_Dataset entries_
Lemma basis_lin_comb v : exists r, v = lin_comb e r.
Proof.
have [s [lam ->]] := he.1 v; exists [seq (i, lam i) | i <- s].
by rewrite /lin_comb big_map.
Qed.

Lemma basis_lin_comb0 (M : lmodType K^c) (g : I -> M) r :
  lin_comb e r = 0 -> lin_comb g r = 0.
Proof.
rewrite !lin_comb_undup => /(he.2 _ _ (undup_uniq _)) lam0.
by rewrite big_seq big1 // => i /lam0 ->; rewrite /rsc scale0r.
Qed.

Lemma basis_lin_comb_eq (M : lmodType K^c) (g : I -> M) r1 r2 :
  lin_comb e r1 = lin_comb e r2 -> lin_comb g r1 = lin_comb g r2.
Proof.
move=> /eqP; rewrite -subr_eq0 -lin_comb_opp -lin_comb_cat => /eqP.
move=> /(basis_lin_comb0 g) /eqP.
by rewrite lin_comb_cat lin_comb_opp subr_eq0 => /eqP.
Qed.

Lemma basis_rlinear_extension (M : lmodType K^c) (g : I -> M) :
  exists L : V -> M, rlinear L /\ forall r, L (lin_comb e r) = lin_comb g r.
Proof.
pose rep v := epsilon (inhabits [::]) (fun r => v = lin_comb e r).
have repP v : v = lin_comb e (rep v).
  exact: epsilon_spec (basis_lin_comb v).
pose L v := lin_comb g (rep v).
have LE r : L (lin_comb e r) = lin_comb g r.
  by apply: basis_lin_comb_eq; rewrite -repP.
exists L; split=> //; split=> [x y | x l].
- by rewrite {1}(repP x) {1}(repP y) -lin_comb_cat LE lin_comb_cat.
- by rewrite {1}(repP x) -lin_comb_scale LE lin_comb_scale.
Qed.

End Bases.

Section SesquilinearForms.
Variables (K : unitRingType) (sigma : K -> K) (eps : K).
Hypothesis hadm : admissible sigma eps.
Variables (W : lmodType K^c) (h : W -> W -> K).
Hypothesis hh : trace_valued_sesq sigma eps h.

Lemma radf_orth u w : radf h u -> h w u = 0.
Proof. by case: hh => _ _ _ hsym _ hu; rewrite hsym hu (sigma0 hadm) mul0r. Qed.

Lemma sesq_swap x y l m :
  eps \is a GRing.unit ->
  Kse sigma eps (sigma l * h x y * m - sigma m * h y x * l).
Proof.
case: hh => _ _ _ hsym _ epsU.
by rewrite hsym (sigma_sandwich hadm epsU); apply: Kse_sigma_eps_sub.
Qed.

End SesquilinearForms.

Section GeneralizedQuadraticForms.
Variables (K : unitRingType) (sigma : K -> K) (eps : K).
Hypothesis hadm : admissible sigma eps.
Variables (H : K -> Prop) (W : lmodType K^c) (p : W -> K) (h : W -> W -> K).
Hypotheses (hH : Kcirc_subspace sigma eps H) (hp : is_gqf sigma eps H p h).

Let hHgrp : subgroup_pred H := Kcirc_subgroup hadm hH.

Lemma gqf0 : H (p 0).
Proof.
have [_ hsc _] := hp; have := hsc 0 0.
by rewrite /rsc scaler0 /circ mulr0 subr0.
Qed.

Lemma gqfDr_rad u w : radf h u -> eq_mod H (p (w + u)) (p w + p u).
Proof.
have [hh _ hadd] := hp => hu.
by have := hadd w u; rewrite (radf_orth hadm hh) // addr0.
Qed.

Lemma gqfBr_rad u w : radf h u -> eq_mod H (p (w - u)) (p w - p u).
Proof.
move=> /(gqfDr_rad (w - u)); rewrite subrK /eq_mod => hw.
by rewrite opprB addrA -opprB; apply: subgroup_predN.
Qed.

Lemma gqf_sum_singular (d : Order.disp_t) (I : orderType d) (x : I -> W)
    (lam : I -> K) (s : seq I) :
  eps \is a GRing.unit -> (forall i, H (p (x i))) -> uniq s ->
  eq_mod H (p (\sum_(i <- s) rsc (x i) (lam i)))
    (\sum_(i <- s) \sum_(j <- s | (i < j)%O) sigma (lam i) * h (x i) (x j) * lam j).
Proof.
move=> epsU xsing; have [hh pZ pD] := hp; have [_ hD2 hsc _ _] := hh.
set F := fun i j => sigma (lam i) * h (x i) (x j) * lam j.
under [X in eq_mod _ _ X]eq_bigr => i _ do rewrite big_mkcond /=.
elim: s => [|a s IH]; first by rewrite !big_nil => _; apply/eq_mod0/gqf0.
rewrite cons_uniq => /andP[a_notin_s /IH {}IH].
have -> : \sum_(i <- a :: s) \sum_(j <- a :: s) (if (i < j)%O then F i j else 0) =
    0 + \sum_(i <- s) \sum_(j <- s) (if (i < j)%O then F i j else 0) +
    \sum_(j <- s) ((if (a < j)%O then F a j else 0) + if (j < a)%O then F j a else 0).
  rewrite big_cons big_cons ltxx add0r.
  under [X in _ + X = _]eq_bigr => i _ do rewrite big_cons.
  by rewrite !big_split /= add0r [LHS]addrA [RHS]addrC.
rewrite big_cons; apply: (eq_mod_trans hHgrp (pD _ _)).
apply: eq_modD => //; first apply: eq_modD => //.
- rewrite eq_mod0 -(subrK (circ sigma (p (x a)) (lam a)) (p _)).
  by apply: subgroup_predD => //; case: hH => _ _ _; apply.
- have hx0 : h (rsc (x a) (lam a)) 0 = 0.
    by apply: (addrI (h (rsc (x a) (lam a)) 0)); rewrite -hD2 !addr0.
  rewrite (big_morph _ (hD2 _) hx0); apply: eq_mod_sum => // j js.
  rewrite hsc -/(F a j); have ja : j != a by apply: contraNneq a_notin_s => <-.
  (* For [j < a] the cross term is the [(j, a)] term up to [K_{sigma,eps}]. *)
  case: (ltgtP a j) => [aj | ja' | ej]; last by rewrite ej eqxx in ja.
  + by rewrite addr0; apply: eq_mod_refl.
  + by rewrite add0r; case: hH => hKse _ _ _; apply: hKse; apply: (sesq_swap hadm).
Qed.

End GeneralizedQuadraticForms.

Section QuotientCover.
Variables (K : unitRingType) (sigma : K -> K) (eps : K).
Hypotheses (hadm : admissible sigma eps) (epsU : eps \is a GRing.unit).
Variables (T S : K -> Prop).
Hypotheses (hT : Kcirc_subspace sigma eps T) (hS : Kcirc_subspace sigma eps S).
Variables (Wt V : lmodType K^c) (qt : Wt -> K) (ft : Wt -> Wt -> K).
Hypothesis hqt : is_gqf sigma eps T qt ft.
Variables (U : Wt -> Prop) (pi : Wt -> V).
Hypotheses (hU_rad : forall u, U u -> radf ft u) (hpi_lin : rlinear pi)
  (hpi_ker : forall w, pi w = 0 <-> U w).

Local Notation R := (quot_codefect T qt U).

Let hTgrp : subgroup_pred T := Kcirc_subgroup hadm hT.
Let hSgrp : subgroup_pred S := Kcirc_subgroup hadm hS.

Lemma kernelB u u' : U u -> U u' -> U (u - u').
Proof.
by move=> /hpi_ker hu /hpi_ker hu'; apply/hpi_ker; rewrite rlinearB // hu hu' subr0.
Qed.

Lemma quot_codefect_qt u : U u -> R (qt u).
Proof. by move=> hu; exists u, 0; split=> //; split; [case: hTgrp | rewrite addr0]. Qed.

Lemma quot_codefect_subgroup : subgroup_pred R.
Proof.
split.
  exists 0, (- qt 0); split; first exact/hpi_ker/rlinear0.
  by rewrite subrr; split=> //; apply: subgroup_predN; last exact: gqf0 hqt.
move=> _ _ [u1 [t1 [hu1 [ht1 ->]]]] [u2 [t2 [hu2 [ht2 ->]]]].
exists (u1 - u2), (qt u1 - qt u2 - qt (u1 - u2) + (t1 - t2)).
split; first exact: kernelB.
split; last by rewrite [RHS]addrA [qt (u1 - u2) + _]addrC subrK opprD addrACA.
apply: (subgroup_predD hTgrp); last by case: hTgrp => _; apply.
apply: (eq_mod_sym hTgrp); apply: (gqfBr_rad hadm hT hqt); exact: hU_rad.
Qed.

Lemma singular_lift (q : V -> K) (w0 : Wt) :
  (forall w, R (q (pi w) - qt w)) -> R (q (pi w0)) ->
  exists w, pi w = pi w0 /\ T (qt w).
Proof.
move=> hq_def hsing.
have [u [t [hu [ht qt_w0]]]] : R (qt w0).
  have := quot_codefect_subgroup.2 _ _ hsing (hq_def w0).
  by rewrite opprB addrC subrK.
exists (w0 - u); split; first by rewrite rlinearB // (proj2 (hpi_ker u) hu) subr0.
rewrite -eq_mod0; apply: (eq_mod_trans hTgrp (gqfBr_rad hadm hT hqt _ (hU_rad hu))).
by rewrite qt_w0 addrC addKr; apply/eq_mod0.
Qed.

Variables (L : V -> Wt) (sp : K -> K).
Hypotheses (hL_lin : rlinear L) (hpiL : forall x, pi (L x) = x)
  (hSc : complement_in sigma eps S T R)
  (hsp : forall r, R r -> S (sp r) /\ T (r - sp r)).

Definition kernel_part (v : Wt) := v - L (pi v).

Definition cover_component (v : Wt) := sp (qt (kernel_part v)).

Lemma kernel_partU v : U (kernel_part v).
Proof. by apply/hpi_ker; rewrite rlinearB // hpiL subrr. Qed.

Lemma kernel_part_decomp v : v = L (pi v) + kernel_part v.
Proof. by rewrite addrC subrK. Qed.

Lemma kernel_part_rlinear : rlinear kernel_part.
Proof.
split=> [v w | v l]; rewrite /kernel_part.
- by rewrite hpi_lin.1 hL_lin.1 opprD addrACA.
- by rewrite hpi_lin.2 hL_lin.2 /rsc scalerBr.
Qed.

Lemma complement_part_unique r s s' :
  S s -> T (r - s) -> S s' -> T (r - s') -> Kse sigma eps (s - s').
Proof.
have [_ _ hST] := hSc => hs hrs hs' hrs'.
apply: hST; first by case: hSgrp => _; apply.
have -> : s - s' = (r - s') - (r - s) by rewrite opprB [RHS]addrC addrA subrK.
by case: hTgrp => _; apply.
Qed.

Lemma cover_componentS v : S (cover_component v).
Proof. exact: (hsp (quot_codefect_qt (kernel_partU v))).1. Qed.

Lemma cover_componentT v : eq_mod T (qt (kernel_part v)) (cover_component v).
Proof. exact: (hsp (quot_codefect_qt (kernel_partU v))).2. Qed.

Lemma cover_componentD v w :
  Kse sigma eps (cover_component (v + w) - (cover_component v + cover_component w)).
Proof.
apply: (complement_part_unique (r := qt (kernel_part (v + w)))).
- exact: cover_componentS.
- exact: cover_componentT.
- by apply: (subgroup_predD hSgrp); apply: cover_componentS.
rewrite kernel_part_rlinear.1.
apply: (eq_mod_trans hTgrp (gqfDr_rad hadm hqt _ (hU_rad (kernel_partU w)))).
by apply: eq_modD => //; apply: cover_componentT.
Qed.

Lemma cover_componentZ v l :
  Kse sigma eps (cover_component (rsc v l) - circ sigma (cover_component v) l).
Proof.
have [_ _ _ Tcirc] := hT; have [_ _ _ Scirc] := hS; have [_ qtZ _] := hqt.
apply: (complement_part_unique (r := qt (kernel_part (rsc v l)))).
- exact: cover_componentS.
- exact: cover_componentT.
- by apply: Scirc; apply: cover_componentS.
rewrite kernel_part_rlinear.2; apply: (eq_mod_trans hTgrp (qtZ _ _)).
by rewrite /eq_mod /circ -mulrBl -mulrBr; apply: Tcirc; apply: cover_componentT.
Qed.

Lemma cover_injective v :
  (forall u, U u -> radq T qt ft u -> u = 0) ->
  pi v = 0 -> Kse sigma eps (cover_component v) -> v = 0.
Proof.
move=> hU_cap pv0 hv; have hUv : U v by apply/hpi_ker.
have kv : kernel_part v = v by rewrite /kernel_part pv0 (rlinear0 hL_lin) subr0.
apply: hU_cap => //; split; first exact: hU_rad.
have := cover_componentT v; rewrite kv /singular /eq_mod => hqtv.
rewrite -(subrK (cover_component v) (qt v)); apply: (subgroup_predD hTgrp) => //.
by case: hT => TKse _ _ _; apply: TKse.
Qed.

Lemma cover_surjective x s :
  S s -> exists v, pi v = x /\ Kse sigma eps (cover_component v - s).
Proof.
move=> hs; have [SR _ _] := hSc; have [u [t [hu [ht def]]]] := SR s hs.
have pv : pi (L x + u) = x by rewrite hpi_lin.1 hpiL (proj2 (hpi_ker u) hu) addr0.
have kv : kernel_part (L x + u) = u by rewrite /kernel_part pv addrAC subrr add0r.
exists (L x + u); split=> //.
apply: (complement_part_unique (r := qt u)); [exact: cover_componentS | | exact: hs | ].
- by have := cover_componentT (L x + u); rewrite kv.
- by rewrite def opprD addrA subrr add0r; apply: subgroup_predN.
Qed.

_TRY IT_
Print again the lines of the entries above that fall between the line holding "(hsp : forall" and the line holding "have [_ _ _ Tcirc]", inclusive, exactly as they stand.

_TASK ANSWER_
  (hsp : forall r, R r -> S (sp r) /\ T (r - sp r)).

Definition kernel_part (v : Wt) := v - L (pi v).

Definition cover_component (v : Wt) := sp (qt (kernel_part v)).

Lemma kernel_partU v : U (kernel_part v).
Proof. by apply/hpi_ker; rewrite rlinearB // hpiL subrr. Qed.

Lemma kernel_part_decomp v : v = L (pi v) + kernel_part v.
Proof. by rewrite addrC subrK. Qed.

Lemma kernel_part_rlinear : rlinear kernel_part.
Proof.
split=> [v w | v l]; rewrite /kernel_part.
- by rewrite hpi_lin.1 hL_lin.1 opprD addrACA.
- by rewrite hpi_lin.2 hL_lin.2 /rsc scalerBr.
Qed.

Lemma complement_part_unique r s s' :
  S s -> T (r - s) -> S s' -> T (r - s') -> Kse sigma eps (s - s').
Proof.
have [_ _ hST] := hSc => hs hrs hs' hrs'.
apply: hST; first by case: hSgrp => _; apply.
have -> : s - s' = (r - s') - (r - s) by rewrite opprB [RHS]addrC addrA subrK.
by case: hTgrp => _; apply.
Qed.

Lemma cover_componentS v : S (cover_component v).
Proof. exact: (hsp (quot_codefect_qt (kernel_partU v))).1. Qed.

Lemma cover_componentT v : eq_mod T (qt (kernel_part v)) (cover_component v).
Proof. exact: (hsp (quot_codefect_qt (kernel_partU v))).2. Qed.

Lemma cover_componentD v w :
  Kse sigma eps (cover_component (v + w) - (cover_component v + cover_component w)).
Proof.
apply: (complement_part_unique (r := qt (kernel_part (v + w)))).
- exact: cover_componentS.
- exact: cover_componentT.
- by apply: (subgroup_predD hSgrp); apply: cover_componentS.
rewrite kernel_part_rlinear.1.
apply: (eq_mod_trans hTgrp (gqfDr_rad hadm hqt _ (hU_rad (kernel_partU w)))).
by apply: eq_modD => //; apply: cover_componentT.
Qed.

Lemma cover_componentZ v l :
  Kse sigma eps (cover_component (rsc v l) - circ sigma (cover_component v) l).
Proof.
have [_ _ _ Tcirc] := hT; have [_ _ _ Scirc] := hS; have [_ qtZ _] := hqt.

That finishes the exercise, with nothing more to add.